(DATA FOR THIS EXERCISE Opens)

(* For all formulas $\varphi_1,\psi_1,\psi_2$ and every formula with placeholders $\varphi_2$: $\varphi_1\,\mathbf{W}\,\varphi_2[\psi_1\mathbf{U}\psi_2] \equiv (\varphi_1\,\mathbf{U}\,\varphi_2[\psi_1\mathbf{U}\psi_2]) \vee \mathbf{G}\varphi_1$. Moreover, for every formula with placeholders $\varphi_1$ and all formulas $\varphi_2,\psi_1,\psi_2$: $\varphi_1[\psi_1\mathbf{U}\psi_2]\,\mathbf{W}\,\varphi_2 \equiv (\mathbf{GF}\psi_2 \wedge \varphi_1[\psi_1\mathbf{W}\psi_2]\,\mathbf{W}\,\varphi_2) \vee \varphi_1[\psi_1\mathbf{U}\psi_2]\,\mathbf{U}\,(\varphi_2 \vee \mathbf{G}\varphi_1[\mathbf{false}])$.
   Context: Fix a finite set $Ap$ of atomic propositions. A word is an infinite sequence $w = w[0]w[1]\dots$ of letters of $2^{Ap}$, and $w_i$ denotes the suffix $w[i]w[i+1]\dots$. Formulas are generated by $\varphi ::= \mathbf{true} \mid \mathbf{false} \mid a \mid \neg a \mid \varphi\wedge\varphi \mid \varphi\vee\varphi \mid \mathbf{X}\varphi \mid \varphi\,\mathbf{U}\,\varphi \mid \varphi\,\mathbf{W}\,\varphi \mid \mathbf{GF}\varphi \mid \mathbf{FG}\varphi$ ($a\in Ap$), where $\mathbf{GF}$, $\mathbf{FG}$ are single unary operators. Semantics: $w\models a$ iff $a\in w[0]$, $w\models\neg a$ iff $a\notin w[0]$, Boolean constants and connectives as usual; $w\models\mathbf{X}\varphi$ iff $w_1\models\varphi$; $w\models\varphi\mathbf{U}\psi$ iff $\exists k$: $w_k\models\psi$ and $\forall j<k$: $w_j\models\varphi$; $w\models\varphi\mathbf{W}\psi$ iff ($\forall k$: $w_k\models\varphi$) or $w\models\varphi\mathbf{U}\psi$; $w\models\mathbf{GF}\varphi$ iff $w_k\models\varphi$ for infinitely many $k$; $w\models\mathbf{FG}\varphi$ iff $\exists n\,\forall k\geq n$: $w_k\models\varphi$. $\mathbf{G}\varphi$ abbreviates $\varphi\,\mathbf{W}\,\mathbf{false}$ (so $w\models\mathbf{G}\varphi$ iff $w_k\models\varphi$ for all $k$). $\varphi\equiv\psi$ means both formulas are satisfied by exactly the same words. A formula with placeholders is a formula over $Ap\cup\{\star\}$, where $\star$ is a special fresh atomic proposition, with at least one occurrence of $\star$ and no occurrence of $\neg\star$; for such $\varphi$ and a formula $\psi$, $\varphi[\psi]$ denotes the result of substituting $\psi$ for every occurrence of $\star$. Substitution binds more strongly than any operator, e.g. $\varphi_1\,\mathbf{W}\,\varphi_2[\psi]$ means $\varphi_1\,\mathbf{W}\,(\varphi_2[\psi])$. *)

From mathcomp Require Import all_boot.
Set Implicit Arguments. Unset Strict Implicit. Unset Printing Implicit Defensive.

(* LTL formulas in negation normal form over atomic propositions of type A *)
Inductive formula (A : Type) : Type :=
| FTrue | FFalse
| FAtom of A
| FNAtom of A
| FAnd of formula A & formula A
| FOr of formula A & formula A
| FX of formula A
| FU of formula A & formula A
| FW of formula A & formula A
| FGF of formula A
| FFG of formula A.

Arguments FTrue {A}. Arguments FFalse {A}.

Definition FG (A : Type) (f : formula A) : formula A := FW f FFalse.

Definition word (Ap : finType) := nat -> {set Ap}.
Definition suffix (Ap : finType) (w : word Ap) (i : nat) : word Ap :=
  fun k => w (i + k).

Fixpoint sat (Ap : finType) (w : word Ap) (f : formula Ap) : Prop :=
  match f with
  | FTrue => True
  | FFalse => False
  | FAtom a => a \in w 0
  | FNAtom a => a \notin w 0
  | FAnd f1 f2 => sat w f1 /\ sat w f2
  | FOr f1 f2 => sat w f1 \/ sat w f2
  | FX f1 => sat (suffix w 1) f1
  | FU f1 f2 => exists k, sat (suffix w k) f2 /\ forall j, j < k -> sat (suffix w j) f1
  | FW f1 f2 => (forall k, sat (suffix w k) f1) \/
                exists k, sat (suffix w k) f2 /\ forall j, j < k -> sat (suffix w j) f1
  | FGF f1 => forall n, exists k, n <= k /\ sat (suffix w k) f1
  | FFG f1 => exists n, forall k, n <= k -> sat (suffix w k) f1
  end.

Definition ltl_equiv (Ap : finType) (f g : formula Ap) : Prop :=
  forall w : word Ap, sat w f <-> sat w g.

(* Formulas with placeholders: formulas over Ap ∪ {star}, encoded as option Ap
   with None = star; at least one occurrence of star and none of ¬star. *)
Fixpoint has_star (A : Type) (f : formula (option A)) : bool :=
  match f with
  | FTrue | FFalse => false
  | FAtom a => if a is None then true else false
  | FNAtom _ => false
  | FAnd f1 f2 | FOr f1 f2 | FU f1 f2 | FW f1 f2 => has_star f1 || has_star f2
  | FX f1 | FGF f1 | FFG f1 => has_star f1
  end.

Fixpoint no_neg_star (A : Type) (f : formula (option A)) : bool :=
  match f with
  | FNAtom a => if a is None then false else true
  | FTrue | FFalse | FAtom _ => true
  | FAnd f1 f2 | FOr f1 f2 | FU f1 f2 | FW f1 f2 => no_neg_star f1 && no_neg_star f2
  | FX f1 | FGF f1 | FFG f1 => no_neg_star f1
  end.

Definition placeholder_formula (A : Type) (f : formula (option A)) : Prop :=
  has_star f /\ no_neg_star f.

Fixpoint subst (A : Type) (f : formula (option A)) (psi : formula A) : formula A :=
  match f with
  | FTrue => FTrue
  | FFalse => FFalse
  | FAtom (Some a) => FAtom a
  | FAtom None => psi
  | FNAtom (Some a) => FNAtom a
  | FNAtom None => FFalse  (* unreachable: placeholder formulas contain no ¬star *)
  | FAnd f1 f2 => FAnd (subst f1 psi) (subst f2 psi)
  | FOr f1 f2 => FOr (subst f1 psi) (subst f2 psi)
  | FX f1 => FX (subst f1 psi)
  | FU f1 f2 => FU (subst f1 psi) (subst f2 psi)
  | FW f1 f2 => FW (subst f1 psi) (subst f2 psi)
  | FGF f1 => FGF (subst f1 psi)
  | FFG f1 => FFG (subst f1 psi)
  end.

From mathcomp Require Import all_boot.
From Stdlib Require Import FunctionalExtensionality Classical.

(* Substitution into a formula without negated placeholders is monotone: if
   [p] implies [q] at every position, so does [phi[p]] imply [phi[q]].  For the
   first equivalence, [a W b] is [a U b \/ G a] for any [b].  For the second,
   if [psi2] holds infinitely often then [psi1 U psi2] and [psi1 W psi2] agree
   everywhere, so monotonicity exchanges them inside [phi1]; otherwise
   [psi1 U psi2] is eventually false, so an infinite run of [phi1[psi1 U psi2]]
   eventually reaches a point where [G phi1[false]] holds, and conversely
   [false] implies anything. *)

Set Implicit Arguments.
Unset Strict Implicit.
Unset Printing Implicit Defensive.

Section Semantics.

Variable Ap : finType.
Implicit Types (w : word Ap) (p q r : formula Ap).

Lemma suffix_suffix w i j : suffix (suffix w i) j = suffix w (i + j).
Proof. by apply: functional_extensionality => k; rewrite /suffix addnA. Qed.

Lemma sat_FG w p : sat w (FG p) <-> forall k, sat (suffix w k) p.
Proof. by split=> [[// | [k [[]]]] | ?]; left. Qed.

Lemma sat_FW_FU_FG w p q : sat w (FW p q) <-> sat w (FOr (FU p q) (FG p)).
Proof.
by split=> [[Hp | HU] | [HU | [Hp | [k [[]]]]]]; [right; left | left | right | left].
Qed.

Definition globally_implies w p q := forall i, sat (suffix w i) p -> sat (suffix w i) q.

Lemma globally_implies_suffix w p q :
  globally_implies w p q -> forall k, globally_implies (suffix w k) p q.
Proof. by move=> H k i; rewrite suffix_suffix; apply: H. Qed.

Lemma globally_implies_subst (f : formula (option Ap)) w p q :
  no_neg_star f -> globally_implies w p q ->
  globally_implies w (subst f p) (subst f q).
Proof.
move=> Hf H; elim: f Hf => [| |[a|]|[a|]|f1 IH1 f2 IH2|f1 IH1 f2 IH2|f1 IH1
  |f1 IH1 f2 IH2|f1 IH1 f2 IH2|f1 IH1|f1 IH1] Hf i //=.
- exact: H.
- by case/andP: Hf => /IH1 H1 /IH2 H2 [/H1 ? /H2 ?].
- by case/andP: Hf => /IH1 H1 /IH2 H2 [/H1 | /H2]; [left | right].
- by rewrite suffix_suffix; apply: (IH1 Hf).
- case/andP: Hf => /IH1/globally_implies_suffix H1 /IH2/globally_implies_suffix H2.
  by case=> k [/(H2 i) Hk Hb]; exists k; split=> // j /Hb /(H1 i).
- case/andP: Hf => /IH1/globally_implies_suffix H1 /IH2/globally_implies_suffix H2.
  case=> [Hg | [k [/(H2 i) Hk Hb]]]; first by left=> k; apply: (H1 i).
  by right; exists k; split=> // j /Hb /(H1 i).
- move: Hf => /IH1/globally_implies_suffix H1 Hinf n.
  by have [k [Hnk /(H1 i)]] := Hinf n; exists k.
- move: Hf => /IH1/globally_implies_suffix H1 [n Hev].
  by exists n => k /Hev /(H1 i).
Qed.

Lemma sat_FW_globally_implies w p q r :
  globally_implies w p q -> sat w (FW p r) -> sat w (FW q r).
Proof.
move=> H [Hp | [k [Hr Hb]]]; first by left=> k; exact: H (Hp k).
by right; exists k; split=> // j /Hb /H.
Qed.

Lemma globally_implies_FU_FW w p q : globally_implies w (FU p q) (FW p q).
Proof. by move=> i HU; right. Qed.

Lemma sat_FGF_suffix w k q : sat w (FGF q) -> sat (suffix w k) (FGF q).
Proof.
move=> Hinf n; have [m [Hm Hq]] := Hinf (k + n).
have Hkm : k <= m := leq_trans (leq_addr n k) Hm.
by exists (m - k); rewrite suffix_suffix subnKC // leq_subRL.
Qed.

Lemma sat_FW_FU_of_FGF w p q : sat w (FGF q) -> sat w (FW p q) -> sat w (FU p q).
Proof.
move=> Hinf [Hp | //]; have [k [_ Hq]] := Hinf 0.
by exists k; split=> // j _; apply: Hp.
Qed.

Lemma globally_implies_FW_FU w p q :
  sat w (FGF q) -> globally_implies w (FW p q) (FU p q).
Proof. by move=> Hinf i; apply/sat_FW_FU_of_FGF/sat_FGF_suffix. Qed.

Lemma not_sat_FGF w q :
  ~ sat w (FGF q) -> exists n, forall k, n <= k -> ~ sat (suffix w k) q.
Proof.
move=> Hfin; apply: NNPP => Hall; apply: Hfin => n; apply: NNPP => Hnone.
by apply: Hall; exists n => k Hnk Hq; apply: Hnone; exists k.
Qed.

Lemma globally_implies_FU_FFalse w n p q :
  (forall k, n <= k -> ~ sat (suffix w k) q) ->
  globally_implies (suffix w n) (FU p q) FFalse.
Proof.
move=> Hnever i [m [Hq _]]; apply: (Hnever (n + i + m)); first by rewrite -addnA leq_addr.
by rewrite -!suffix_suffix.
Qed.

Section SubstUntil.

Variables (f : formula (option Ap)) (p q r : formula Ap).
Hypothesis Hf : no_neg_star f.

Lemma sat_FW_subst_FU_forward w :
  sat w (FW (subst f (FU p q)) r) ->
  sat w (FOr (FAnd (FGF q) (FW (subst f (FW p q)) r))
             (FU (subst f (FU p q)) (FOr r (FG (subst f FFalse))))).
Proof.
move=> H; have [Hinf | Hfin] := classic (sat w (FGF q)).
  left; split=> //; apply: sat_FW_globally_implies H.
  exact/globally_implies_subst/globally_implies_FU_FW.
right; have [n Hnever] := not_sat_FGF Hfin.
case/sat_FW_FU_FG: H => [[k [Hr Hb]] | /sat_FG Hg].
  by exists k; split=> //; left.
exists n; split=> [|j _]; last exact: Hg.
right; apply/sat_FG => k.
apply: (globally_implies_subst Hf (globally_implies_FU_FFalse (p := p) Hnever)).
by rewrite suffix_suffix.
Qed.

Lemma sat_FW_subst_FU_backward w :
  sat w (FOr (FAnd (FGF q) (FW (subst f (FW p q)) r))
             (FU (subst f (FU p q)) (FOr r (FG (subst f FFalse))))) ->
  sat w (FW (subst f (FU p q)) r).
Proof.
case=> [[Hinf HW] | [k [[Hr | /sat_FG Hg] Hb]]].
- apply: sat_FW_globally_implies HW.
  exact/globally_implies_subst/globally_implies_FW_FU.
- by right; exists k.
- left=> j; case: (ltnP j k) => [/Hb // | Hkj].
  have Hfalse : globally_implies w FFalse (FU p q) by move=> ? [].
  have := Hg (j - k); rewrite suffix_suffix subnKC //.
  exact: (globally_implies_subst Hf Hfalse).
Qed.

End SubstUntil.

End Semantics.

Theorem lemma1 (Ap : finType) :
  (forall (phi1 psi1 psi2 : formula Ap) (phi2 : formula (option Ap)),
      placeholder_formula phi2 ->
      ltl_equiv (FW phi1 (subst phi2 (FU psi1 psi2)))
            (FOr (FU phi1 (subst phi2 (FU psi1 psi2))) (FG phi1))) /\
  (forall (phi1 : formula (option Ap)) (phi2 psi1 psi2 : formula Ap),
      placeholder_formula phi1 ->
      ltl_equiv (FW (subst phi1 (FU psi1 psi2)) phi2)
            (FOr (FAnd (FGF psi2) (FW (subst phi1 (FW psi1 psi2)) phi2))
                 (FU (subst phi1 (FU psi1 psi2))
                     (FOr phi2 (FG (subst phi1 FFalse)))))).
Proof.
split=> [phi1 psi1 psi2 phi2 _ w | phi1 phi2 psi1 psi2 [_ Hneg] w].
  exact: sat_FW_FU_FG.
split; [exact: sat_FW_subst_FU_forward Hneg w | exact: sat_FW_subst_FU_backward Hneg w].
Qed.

(DATA FOR THIS EXERCISE Closes)

Above are the records; copy exactly the lines from the line with "Proof. by split=>" through the line with "- by case/andP: Hf => /IH1 H1 /IH2 H2 [/H1 |", both included.

Proof. by split=> [[// | [k [[]]]] | ?]; left. Qed.

Lemma sat_FW_FU_FG w p q : sat w (FW p q) <-> sat w (FOr (FU p q) (FG p)).
Proof.
by split=> [[Hp | HU] | [HU | [Hp | [k [[]]]]]]; [right; left | left | right | left].
Qed.

Definition globally_implies w p q := forall i, sat (suffix w i) p -> sat (suffix w i) q.

Lemma globally_implies_suffix w p q :
  globally_implies w p q -> forall k, globally_implies (suffix w k) p q.
Proof. by move=> H k i; rewrite suffix_suffix; apply: H. Qed.

Lemma globally_implies_subst (f : formula (option Ap)) w p q :
  no_neg_star f -> globally_implies w p q ->
  globally_implies w (subst f p) (subst f q).
Proof.
move=> Hf H; elim: f Hf => [| |[a|]|[a|]|f1 IH1 f2 IH2|f1 IH1 f2 IH2|f1 IH1
  |f1 IH1 f2 IH2|f1 IH1 f2 IH2|f1 IH1|f1 IH1] Hf i //=.
- exact: H.
- by case/andP: Hf => /IH1 H1 /IH2 H2 [/H1 ? /H2 ?].
- by case/andP: Hf => /IH1 H1 /IH2 H2 [/H1 | /H2]; [left | right].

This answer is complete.